Using the listing below, print exactly everything from the line with "exists t, w.1" down to the line with "- by rewrite /= mulnC divnK ?dvdn_gcdr.", both included, and nothing more.
**** Information ****
(* For coprime integers $n,m>1$, $$m_2\!\left(\mathbb{Z}_{nm}^2\right)\le\min\left\{n\cdot m_2\!\left(\mathbb{Z}_m^2\right),\ m\cdot m_2\!\left(\mathbb{Z}_n^2\right)\right\}.$$
   Context: $\mathbb{Z}_k=\mathbb{Z}/k\mathbb{Z}$. A line in $\mathbb{Z}_k^2$ is a translate of a cyclic subgroup of order $k$ of the additive group $\mathbb{Z}_k^2$; points are collinear if they lie on a common line. A cap in $\mathbb{Z}_k^2$ is a subset no three distinct points of which are collinear. $m_2(\mathbb{Z}_k^2)$ denotes the maximum cardinality of a cap in $\mathbb{Z}_k^2$. *)

From mathcomp Require Import all_boot.
Set Implicit Arguments. Unset Strict Implicit. Unset Printing Implicit Defensive.

(* The plane Z_k^2 is represented by pairs of residues 'I_k * 'I_k, with
   arithmetic done modulo k on the underlying naturals. *)
Definition pt (k : nat) : finType := ('I_k * 'I_k)%type.

(* The translate p + <g> of the cyclic subgroup generated by g;
   since t ranges over 0..k-1, this covers all multiples of g. *)
Definition tline (k : nat) (p g : pt k) : {set pt k} :=
  [set x : pt k | [exists t : 'I_k,
     (x.1 == (p.1 + t * g.1) %% k :> nat) && (x.2 == (p.2 + t * g.2) %% k :> nat)]].

Definition cyc (k : nat) (g : pt k) : {set pt k} :=
  [set x : pt k | [exists t : 'I_k,
     (x.1 == (t * g.1) %% k :> nat) && (x.2 == (t * g.2) %% k :> nat)]].

Definition is_line (k : nat) (L : {set pt k}) : bool :=
  [exists p : pt k, exists g : pt k, (#|cyc g| == k) && (L == tline p g)].

Definition collinear3 (k : nat) (x y z : pt k) : bool :=
  [exists L : {set pt k}, [&& is_line L, x \in L, y \in L & z \in L]].

Definition is_cap (k : nat) (A : {set pt k}) : bool :=
  [forall x in A, forall y in A, forall z in A,
     [&& x != y, y != z & x != z] ==> ~~ collinear3 x y z].

Definition m2 (k : nat) : nat :=
  \max_(A : {set pt k} | is_cap A) #|A|.

From mathcomp Require Import all_boot.
Set Implicit Arguments. Unset Strict Implicit. Unset Printing Implicit Defensive.

(* Partition a cap A of Z_nm^2 into the
   n fibres of the map x |-> x.1 mod n.  The key fact is a lifting lemma: by
   the Chinese remainder theorem, a line p + <g> of Z_m^2 lifts to a line of
   Z_nm^2 (with direction congruent to (0,1) mod n) that contains every point
   of a fibre whose reduction mod m lies on p + <g>.  Hence in a fibre F:
   - the reduction of F mod m is a cap of Z_m^2, so if reduction is
     injective on F then #|F| <= m_2(Z_m^2);
   - otherwise two points of F share their reduction, and since any two
     points of Z_m^2 lie on a common line, every third point of F would be
     collinear with them, so #|F| <= 2 <= m_2(Z_m^2). *)

Definition mkpt k (Hk : 0 < k) (a b : nat) : pt k :=
  (Ordinal (ltn_pmod a Hk), Ordinal (ltn_pmod b Hk)).

(* Reduction modulo k of a point of Z_N^2 (meaningful when k divides N). *)
Definition red k (Hk : 0 < k) {N : nat} (x : pt N) : pt k := mkpt Hk x.1 x.2.

Definition primitive k (g : pt k) : Prop :=
  forall t, k %| t * g.1 -> k %| t * g.2 -> k %| t.

Lemma cycE k (Hk : 0 < k) (g : pt k) :
  cyc g = [set mkpt Hk (t * g.1) (t * g.2) | t : 'I_k].
Proof.
apply/setP => x; rewrite inE; apply/existsP/imsetP.
  case=> t /andP[/eqP h1 /eqP h2]; exists t => //.
  by case: x h1 h2 => [x1 x2] /= h1 h2; congr pair; apply: val_inj.
by case=> t _ ->; exists t; rewrite /= !eqxx.
Qed.

Lemma card_cyc_primitive k (Hk : 0 < k) (g : pt k) :
  #|cyc g| = k <-> primitive g.
Proof.
rewrite (cycE Hk); split.
  move=> h; have /imset_injP inj :
      #|[set mkpt Hk (t * g.1) (t * g.2) | t : 'I_k]| == #|'I_k|.
    by rewrite h card_ord.
  move=> t h1 h2.
  have e : mkpt Hk ((t %% k) * g.1) ((t %% k) * g.2) = mkpt Hk (0 * g.1) (0 * g.2).
    by congr pair; apply: val_inj => /=; rewrite mod0n modnMml; apply/eqP.
  move/(congr1 val): (inj (Ordinal (ltn_pmod t Hk)) (Ordinal Hk) isT isT e).
  by move=> /= /eqP.
move=> pr; rewrite -[RHS](card_ord k); apply/eqP/imset_injP => t1 t2 _ _ e.
have /= e1 := congr1 (fun p => val p.1) e.
have /= e2 := congr1 (fun p => val p.2) e.
apply: val_inj => /=.
wlog le : t1 t2 {e} e1 e2 / t1 <= t2.
  move=> W; case: (leqP t1 t2) => h; first exact: W.
  by symmetry; apply: W => //; apply: ltnW.
have d : k %| t2 - t1.
  by apply: pr; rewrite mulnBl -eqn_mod_dvd ?leq_mul2r ?le ?orbT //; apply/eqP.
by move: d; rewrite -eqn_mod_dvd // !modn_small // => /eqP.
Qed.

Lemma mem_tline k (Hk : 0 < k) (w p g : pt k) (t : nat) :
  w.1 = p.1 + t * g.1 %[mod k] -> w.2 = p.2 + t * g.2 %[mod k] ->
  w \in tline p g.
Proof.
move=> h1 h2; rewrite inE; apply/existsP; exists (Ordinal (ltn_pmod t Hk)).
have reduce c d : c + (t %% k) * d = c + t * d %[mod k].
  by rewrite -modnDmr modnMml modnDmr.
by rewrite /= reduce -h1 reduce -h2 !modn_small ?eqxx.
Qed.

Lemma mem_tlineP k (w p g : pt k) : w \in tline p g ->
  exists t, w.1 = p.1 + t * g.1 %[mod k] /\ w.2 = p.2 + t * g.2 %[mod k].
Proof.
rewrite inE => /existsP[t /andP[/eqP h1 /eqP h2]]; exists t.
by rewrite {1}h1 {1}h2 !modn_mod.
Qed.

Lemma mem_tline_base k (Hk : 0 < k) (p g : pt k) : p \in tline p g.
Proof. by apply: (mem_tline Hk (t := 0)); rewrite mul0n addn0. Qed.

(* Every vector (a, b) of Z_k^2 is a multiple of a primitive vector,
   namely (a, b) / gcd(a, b) (or (1, 0) when a = b = 0). *)
Lemma primitive_multiple k (Hk1 : 1 < k) (a b : nat) : a < k -> b < k ->
  exists g : pt k, exists t,
    [/\ #|cyc g| = k, t * g.1 = a %[mod k] & t * g.2 = b %[mod k]].
Proof.
move=> ak bk; have Hk : 0 < k := ltnW Hk1.
have [e0|epos] := posnP (gcdn a b).
  have : ~~ (0 < gcdn a b) by rewrite e0.
  rewrite gcdn_gt0 negb_or !lt0n !negbK => /andP[/eqP -> /eqP ->].
  exists (Ordinal Hk1, Ordinal Hk), 0; split => //.
  by apply/(card_cyc_primitive Hk) => t /=; rewrite muln1.
set e := gcdn a b in epos *.
have la : a %/ e < k by apply: leq_ltn_trans (leq_div _ _) ak.
have lb : b %/ e < k by apply: leq_ltn_trans (leq_div _ _) bk.
exists (Ordinal la, Ordinal lb), e; split; last 2 first.
- by rewrite /= mulnC divnK ?dvdn_gcdl.
- by rewrite /= mulnC divnK ?dvdn_gcdr.
apply/(card_cyc_primitive Hk) => t /= h1 h2.
have coprime_ab : gcdn (a %/ e) (b %/ e) = 1.
  apply/eqP; rewrite -(eqn_pmul2r epos) mul1n muln_gcdl.
  by rewrite !divnK ?dvdn_gcdl ?dvdn_gcdr.
have : k %| gcdn (t * (a %/ e)) (t * (b %/ e)) by rewrite dvdn_gcd h1 h2.
by rewrite -muln_gcdr coprime_ab muln1.
Qed.

Lemma line_through2 k (Hk1 : 1 < k) (X Z : pt k) :
  exists2 g : pt k, #|cyc g| = k & Z \in tline X g.
Proof.
have Hk : 0 < k := ltnW Hk1.
have [g [t [cg e1 e2]]] := primitive_multiple Hk1
  (ltn_pmod (Z.1 + (k - X.1)) Hk) (ltn_pmod (Z.2 + (k - X.2)) Hk).
exists g => //; apply: (mem_tline Hk (t := t)).
  rewrite -modnDmr e1 modn_mod modnDmr addnCA subnKC ?modnDr //.
  exact: ltnW (ltn_ord _).
rewrite -modnDmr e2 modn_mod modnDmr addnCA subnKC ?modnDr //.
exact: ltnW (ltn_ord _).
Qed.

Lemma modn_affine d a a' t t' b b' : a = a' %[mod d] -> t = t' %[mod d] ->
  b = b' %[mod d] -> a + t * b = a' + t' * b' %[mod d].
Proof. by move=> ha ht hb; rewrite -modnDm -modnMm ha ht hb modnMm modnDm. Qed.

Section CRTLift.
Variables (n m : nat) (Hn : 0 < n) (Hm : 0 < m) (co : coprime n m).
Let Hnm : 0 < n * m := leq_mul Hn Hm.

Lemma chinese_eq a b : a = b %[mod n] -> a = b %[mod m] -> a = b %[mod n * m].
Proof. by move=> h1 h2; apply/eqP; rewrite chinese_remainder // h1 h2 !eqxx. Qed.

Lemma modn_mull a : a %% (n * m) = a %[mod n].
Proof. by rewrite modn_dvdm // dvdn_mulr. Qed.

Lemma modn_mulr a : a %% (n * m) = a %[mod m].
Proof. by rewrite modn_dvdm // dvdn_mull. Qed.

(* The lift of the line p + <g> of Z_m^2 through the fibre of x: its base
   point is congruent to x mod n and to p mod m, and its direction is
   congruent to (0, 1) mod n and to g mod m. *)
Definition lift_base (x : pt (n * m)) (p : pt m) : pt (n * m) :=
  mkpt Hnm (chinese n m x.1 p.1) (chinese n m x.2 p.2).

Definition lift_dir (g : pt m) : pt (n * m) :=
  mkpt Hnm (chinese n m 0 g.1) (chinese n m 1 g.2).

(* A point in the fibre of x whose reduction lies on p + <g> lies on the
   lifted line: mod n its second coordinate is reached by the (0, 1)
   component of the direction, mod m it follows the original line. *)
Lemma mem_lift_line (x w : pt (n * m)) (p g : pt m) :
  w.1 = x.1 %[mod n] -> red Hm w \in tline p g ->
  w \in tline (lift_base x p) (lift_dir g).
Proof.
move=> h1 /mem_tlineP [tw /= [e1 e2]]; rewrite !modn_mod in e1 e2.
(* the multiplier s is congruent to w.2 - x.2 mod n *)
have le : x.2 <= n * x.2 by rewrite leq_pmull.
set s := w.2 + (n * x.2 - x.2).
apply: (mem_tline Hnm (t := chinese n m s tw)) => /=; apply: chinese_eq.
- rewrite (modn_affine (a' := x.1) (t' := s) (b' := 0)) ?modn_mull ?chinese_modl //.
  by rewrite muln0 addn0.
- by rewrite (modn_affine (a' := p.1) (t' := tw) (b' := g.1)) ?modn_mulr ?chinese_modr.
- rewrite (modn_affine (a' := x.2) (t' := s) (b' := 1)) ?modn_mull ?chinese_modl //.
  by rewrite muln1 /s addnA addnC addnA subnK // (mulnC n (x.2 : nat)) modnMDl.
- by rewrite (modn_affine (a' := p.2) (t' := tw) (b' := g.2)) ?modn_mulr ?chinese_modr.
Qed.

(* The lifted direction is primitive, so the lifted set is a line: a
   multiple t of it vanishing mod nm vanishes mod n (second coordinate 1)
   and mod m (g is primitive), hence t = 0 mod nm. *)
Lemma card_cyc_lift_dir (g : pt m) : #|cyc g| = m -> #|cyc (lift_dir g)| = n * m.
Proof.
move/(card_cyc_primitive Hm) => pg; apply/(card_cyc_primitive Hnm) => t /= d1 d2.
have dvd_mod d c c' : d %| n * m -> c = c' %[mod d] ->
    n * m %| t * (c %% (n * m)) -> d %| t * c'.
  move=> dnm ecc' /(dvdn_trans dnm).
  by rewrite /dvdn -modnMmr (modn_dvdm _ dnm) ecc' modnMmr.
have dn : n %| n * m := dvdn_mulr m (dvdnn n).
have dm : m %| n * m := dvdn_mull n (dvdnn m).
have tn : n %| t * 1 := dvd_mod _ _ _ dn (chinese_modl co _ _) d2.
have tm : m %| t.
  apply: pg; first exact: dvd_mod dm (chinese_modr co _ _) d1.
  exact: dvd_mod dm (chinese_modr co _ _) d2.
by rewrite Gauss_dvd // -(muln1 t) tn muln1 tm.
Qed.

Lemma collinear_lift (x y z : pt (n * m)) (p g : pt m) : #|cyc g| = m ->
  y.1 = x.1 %[mod n] -> z.1 = x.1 %[mod n] ->
  red Hm x \in tline p g -> red Hm y \in tline p g -> red Hm z \in tline p g ->
  collinear3 x y z.
Proof.
move=> cg hy hz mx my mz; apply/existsP.
exists (tline (lift_base x p) (lift_dir g)); rewrite !mem_lift_line // !andbT.
apply/existsP; exists (lift_base x p).
by apply/existsP; exists (lift_dir g); rewrite card_cyc_lift_dir ?eqxx.
Qed.

End CRTLift.

Lemma cap_not_collinear k (A : {set pt k}) x y z : is_cap A ->
  x \in A -> y \in A -> z \in A -> x != y -> y != z -> x != z ->
  ~~ collinear3 x y z.
Proof.
move=> /forall_inP/(_ x) capA xA yA zA xy yz xz.
move: (capA xA) => /forall_inP/(_ y yA)/forall_inP/(_ z zA)/implyP; apply.
by rewrite xy yz xz.
Qed.

Lemma cap_sub k (A B : {set pt k}) : B \subset A -> is_cap A -> is_cap B.
Proof.
move=> /subsetP BA capA; apply/forall_inP => x xB; apply/forall_inP => y yB.
apply/forall_inP => z zB; apply/implyP => /and3P[xy yz xz].
exact: cap_not_collinear capA (BA _ xB) (BA _ yB) (BA _ zB) xy yz xz.
Qed.

Lemma cap_le_m2 k (A : {set pt k}) : is_cap A -> #|A| <= m2 k.
Proof. exact: (leq_bigmax_cond (F := fun A : {set pt k} => #|A|)). Qed.

Lemma cap_pair k (a b : pt k) : is_cap [set a; b].
Proof.
apply/forall_inP => x xA; apply/forall_inP => y yA; apply/forall_inP => z zA.
apply/implyP => /and3P[xy yz xz]; exfalso.
move: xA yA zA xy yz xz; rewrite !in_set2.
by case/orP=> /eqP ->; case/orP=> /eqP ->; case/orP=> /eqP ->; rewrite ?eqxx ?andbF.
Qed.

Lemma m2_ge2 k : 1 < k -> 2 <= m2 k.
Proof.
move=> Hk1; have Hk : 0 < k := ltnW Hk1.
have := cap_le_m2 (cap_pair (Ordinal Hk, Ordinal Hk) (Ordinal Hk1, Ordinal Hk)).
by rewrite cards2.
Qed.

Section Fibre.
Variables (n m : nat) (Hn : 0 < n) (Hm1 : 1 < m) (co : coprime n m).
Let Hm : 0 < m := ltnW Hm1.

Variable F : {set pt (n * m)}.
Hypothesis capF : is_cap F.
Hypothesis fibreF : {in F &, forall u v : pt (n * m), u.1 = v.1 %[mod n]}.

(* Reduction mod m maps F onto a cap of Z_m^2: a line through three of the
   reductions would lift to a line through three points of F. *)
Lemma cap_red_fibre : is_cap (red Hm @: F).
Proof.
apply/forall_inP => X /imsetP[x xF ->].
apply/forall_inP => Y /imsetP[y yF ->]; apply/forall_inP => Z /imsetP[z zF ->].
apply/implyP => /and3P[xy yz xz]; apply/negP.
case/existsP => L /and4P[/existsP[p /existsP[g /andP[/eqP cg /eqP ->]]] mx my mz].
have lift_neq (u v : pt (n * m)) : red Hm u != red Hm v -> u != v.
  by apply: contra_neq => ->.
have := cap_not_collinear capF xF yF zF (lift_neq _ _ xy) (lift_neq _ _ yz)
  (lift_neq _ _ xz).
by rewrite (collinear_lift Hn co cg (fibreF yF xF) (fibreF zF xF) mx my mz).
Qed.

(* If two distinct points of F have the same reduction, then F is just
   these two points: a third one would lie on the lift of a line through
   the two reductions. *)
Lemma fibre_collapse x y : x \in F -> y \in F -> x != y ->
  red Hm x = red Hm y -> F \subset [set x; y].
Proof.
move=> xF yF xy exy; apply/subsetP => z zF; rewrite in_set2.
apply/negPn/negP; rewrite negb_or => /andP[zx zy].
have [g cg mz] := line_through2 Hm1 (red Hm x) (red Hm z).
have mx := mem_tline_base Hm (red Hm x) g.
have my : red Hm y \in tline (red Hm x) g by rewrite -exy.
rewrite eq_sym in zx; rewrite eq_sym in zy.
have := cap_not_collinear capF xF yF zF xy zy zx.
by rewrite (collinear_lift Hn co cg (fibreF yF xF) (fibreF zF xF) mx my mz).
Qed.

Lemma fibre_le_m2 : #|F| <= m2 m.
Proof.
have [/dinjectiveP injF | /dinjectivePn [x xF [y]]] := boolP (dinjectiveb (red Hm) F).
  by rewrite -(card_in_imset injF) cap_le_m2 // cap_red_fibre.
rewrite inE => /andP[yx yF] exy.
have xy : x != y by rewrite eq_sym.
apply: leq_trans (m2_ge2 Hm1).
apply: leq_trans (subset_leq_card (fibre_collapse xF yF xy exy)) _.
by rewrite cards2 xy.
Qed.

End Fibre.

Lemma m2_mul_le n m : 0 < n -> 1 < m -> coprime n m -> m2 (n * m) <= n * m2 m.
Proof.
move=> Hn Hm1 co; apply/bigmax_leqP => A capA.
rewrite -sum1_card (partition_big (fun x : pt (n * m) => Ordinal (ltn_pmod x.1 Hn))
  xpredT) //=.
apply: (@leq_trans (\sum_(c < n) m2 m)); last by rewrite sum_nat_const card_ord.
apply: leq_sum => c _.
set Fc := [set x in A | x.1 %% n == c].
have -> : \sum_(x in A | Ordinal (ltn_pmod x.1 Hn) == c) 1 = #|Fc|.
  by rewrite sum1_card; apply: eq_card => x; rewrite !inE.
apply: (fibre_le_m2 Hn Hm1 co).
- by apply: cap_sub capA; apply/subsetP => x; rewrite inE => /andP[].
- by move=> u v; rewrite !inE => /andP[_ /eqP->] /andP[_ /eqP->].
Qed.

Theorem mainTheorem8 (n m : nat) :
  1 < n -> 1 < m -> coprime n m ->
  m2 (n * m) <= minn (n * m2 m) (m * m2 n).
Proof.
move=> Hn1 Hm1 co; rewrite leq_min m2_mul_le ?(ltnW Hn1) //=.
by rewrite mulnC m2_mul_le ?(ltnW Hm1) // coprime_sym.
Qed.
****
-- Solution --
  exists t, w.1 = p.1 + t * g.1 %[mod k] /\ w.2 = p.2 + t * g.2 %[mod k].
Proof.
rewrite inE => /existsP[t /andP[/eqP h1 /eqP h2]]; exists t.
by rewrite {1}h1 {1}h2 !modn_mod.
Qed.

Lemma mem_tline_base k (Hk : 0 < k) (p g : pt k) : p \in tline p g.
Proof. by apply: (mem_tline Hk (t := 0)); rewrite mul0n addn0. Qed.

(* Every vector (a, b) of Z_k^2 is a multiple of a primitive vector,
   namely (a, b) / gcd(a, b) (or (1, 0) when a = b = 0). *)
Lemma primitive_multiple k (Hk1 : 1 < k) (a b : nat) : a < k -> b < k ->
  exists g : pt k, exists t,
    [/\ #|cyc g| = k, t * g.1 = a %[mod k] & t * g.2 = b %[mod k]].
Proof.
move=> ak bk; have Hk : 0 < k := ltnW Hk1.
have [e0|epos] := posnP (gcdn a b).
  have : ~~ (0 < gcdn a b) by rewrite e0.
  rewrite gcdn_gt0 negb_or !lt0n !negbK => /andP[/eqP -> /eqP ->].
  exists (Ordinal Hk1, Ordinal Hk), 0; split => //.
  by apply/(card_cyc_primitive Hk) => t /=; rewrite muln1.
set e := gcdn a b in epos *.
have la : a %/ e < k by apply: leq_ltn_trans (leq_div _ _) ak.
have lb : b %/ e < k by apply: leq_ltn_trans (leq_div _ _) bk.
exists (Ordinal la, Ordinal lb), e; split; last 2 first.
- by rewrite /= mulnC divnK ?dvdn_gcdl.
- by rewrite /= mulnC divnK ?dvdn_gcdr.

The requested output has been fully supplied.